== Prompt ==
Report all lines below with the word "mulrA".

──────── Entries supplied

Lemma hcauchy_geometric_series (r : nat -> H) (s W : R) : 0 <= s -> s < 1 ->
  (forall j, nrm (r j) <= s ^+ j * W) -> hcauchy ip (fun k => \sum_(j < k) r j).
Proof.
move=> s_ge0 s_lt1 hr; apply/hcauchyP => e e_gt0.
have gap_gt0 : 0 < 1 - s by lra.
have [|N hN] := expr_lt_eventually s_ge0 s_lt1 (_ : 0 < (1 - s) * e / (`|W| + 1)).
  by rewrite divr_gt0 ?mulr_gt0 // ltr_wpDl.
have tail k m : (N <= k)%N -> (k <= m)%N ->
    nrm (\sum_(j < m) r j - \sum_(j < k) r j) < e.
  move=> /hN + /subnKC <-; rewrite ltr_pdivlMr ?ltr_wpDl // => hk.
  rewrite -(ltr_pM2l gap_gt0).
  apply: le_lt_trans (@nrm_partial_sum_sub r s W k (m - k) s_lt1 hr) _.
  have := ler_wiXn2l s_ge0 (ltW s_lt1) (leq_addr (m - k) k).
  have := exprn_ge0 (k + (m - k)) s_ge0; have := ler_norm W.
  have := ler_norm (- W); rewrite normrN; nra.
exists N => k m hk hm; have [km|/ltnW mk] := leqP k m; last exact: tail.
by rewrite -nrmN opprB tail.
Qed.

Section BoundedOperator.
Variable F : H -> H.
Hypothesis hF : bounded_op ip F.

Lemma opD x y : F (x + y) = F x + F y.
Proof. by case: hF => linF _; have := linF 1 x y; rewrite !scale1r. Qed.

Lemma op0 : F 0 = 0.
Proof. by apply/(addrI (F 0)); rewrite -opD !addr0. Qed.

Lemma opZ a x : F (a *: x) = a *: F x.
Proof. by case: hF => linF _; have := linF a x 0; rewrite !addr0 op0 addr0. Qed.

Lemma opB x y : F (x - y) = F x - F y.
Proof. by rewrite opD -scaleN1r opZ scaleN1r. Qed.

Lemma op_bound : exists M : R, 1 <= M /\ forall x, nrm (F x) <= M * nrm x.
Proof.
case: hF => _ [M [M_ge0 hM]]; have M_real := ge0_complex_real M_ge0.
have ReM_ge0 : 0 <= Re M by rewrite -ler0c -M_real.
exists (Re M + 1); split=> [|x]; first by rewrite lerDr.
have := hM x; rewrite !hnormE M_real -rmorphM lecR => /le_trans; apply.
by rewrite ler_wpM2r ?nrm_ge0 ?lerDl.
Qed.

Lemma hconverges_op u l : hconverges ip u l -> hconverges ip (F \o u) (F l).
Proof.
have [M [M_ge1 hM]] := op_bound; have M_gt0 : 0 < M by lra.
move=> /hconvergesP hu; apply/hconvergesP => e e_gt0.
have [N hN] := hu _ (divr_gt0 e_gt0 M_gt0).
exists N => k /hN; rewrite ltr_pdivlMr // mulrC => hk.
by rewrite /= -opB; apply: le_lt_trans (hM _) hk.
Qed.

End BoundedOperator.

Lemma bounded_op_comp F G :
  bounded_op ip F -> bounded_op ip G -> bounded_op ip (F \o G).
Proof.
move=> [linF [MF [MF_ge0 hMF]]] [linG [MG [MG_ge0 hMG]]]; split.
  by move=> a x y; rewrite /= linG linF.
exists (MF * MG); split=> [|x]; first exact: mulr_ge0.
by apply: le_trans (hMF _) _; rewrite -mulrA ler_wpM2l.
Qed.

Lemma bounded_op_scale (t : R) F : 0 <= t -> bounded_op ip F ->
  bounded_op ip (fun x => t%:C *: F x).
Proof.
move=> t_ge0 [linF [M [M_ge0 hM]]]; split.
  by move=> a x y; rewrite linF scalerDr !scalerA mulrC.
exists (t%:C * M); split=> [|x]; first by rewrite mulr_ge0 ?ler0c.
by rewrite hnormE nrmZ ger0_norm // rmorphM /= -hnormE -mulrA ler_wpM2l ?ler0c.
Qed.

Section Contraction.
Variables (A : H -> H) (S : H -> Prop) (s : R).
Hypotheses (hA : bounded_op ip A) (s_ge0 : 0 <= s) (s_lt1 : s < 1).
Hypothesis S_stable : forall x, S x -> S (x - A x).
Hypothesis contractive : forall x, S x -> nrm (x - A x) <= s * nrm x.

────────────────
──────── Entries supplied

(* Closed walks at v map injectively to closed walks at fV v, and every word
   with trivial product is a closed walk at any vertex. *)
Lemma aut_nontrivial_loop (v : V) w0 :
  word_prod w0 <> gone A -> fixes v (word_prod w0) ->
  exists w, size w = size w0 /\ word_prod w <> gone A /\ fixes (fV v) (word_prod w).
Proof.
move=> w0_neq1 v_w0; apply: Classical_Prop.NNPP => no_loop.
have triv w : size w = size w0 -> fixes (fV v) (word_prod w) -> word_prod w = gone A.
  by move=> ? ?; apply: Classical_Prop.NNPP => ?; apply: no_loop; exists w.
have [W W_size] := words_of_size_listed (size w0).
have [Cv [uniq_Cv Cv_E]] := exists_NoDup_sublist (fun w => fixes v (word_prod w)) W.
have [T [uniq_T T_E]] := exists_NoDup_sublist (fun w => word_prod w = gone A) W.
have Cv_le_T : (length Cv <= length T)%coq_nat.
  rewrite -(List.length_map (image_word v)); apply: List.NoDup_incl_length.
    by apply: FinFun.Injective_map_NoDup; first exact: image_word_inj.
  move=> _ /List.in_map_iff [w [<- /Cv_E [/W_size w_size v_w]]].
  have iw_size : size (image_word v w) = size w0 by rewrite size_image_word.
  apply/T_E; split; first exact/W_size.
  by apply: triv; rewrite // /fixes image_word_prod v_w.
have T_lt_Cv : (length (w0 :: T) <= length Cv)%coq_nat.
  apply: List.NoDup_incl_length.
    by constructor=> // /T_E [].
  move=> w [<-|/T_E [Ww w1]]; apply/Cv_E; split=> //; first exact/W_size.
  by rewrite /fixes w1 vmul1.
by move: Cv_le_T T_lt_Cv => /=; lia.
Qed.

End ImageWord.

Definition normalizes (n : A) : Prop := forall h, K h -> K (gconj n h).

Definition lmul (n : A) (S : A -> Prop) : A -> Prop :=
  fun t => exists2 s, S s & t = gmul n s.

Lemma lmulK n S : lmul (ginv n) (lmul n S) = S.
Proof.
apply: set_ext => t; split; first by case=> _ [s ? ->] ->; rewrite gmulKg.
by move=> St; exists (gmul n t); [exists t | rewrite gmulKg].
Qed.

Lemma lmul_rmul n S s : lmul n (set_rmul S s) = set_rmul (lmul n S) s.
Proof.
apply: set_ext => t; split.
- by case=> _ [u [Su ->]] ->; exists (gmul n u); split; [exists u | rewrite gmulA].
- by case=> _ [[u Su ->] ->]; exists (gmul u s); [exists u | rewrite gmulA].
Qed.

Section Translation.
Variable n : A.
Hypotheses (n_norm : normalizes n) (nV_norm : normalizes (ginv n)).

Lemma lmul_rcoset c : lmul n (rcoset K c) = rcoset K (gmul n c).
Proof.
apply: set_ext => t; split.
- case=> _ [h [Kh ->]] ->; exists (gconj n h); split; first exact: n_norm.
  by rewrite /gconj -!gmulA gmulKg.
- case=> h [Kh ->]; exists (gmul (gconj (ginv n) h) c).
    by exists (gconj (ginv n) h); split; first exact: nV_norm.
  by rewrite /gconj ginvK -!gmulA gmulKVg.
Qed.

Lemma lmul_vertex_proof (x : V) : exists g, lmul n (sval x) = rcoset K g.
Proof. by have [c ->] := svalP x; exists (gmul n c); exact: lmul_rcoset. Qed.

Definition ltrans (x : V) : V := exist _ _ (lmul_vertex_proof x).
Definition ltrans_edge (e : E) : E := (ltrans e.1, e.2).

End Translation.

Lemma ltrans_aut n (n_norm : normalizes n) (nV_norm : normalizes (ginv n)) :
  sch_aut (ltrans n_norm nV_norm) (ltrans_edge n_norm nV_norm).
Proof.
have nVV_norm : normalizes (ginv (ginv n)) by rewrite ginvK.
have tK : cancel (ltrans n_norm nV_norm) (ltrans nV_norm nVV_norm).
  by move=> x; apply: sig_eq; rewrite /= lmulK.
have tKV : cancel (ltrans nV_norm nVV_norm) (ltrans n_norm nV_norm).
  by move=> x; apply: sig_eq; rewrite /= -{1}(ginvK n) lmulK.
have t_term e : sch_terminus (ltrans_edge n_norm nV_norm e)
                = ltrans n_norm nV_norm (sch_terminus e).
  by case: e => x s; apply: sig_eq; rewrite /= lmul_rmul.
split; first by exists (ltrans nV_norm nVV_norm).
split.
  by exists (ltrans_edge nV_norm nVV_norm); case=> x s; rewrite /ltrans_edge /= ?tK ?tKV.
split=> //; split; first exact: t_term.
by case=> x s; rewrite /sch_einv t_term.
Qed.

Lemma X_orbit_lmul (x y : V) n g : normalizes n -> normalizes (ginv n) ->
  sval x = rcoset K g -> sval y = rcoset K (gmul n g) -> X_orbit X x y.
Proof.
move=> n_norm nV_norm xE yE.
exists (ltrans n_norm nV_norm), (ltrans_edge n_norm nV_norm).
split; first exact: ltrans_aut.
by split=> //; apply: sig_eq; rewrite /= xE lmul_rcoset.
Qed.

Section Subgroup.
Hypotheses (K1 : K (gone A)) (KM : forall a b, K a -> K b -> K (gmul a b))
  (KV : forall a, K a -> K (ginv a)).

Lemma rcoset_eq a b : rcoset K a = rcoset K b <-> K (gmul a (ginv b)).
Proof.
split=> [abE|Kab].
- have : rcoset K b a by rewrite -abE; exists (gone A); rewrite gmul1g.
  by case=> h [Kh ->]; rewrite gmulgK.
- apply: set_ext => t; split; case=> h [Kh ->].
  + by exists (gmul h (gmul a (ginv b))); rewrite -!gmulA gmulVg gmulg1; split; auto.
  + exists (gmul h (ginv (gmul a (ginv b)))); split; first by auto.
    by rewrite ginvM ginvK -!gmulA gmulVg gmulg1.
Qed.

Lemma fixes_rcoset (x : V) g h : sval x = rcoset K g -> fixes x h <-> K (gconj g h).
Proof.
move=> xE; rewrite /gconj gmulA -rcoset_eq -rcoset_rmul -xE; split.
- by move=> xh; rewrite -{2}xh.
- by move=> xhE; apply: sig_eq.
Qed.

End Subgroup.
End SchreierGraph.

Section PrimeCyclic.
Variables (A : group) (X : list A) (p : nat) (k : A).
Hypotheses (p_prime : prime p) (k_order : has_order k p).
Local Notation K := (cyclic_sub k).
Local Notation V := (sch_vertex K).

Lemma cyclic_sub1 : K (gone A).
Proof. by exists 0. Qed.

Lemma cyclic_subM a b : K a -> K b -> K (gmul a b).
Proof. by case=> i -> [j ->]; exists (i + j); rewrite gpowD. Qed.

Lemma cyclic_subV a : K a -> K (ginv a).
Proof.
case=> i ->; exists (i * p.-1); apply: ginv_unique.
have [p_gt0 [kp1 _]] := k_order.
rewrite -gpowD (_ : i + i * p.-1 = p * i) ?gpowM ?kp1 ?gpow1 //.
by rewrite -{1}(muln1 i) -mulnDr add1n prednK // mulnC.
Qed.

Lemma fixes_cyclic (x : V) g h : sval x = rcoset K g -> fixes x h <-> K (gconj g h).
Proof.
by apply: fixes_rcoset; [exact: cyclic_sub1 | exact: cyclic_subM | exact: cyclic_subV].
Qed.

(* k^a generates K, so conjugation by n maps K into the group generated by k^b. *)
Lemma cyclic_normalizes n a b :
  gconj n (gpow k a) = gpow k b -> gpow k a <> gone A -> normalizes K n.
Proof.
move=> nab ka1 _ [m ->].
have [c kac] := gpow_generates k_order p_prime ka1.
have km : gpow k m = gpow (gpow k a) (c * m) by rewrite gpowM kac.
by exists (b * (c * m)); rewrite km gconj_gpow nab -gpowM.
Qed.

────────────────

== Solution to the problem ==
by apply: le_trans (hMF _) _; rewrite -mulrA ler_wpM2l.
by rewrite hnormE nrmZ ger0_norm // rmorphM /= -hnormE -mulrA ler_wpM2l ?ler0c.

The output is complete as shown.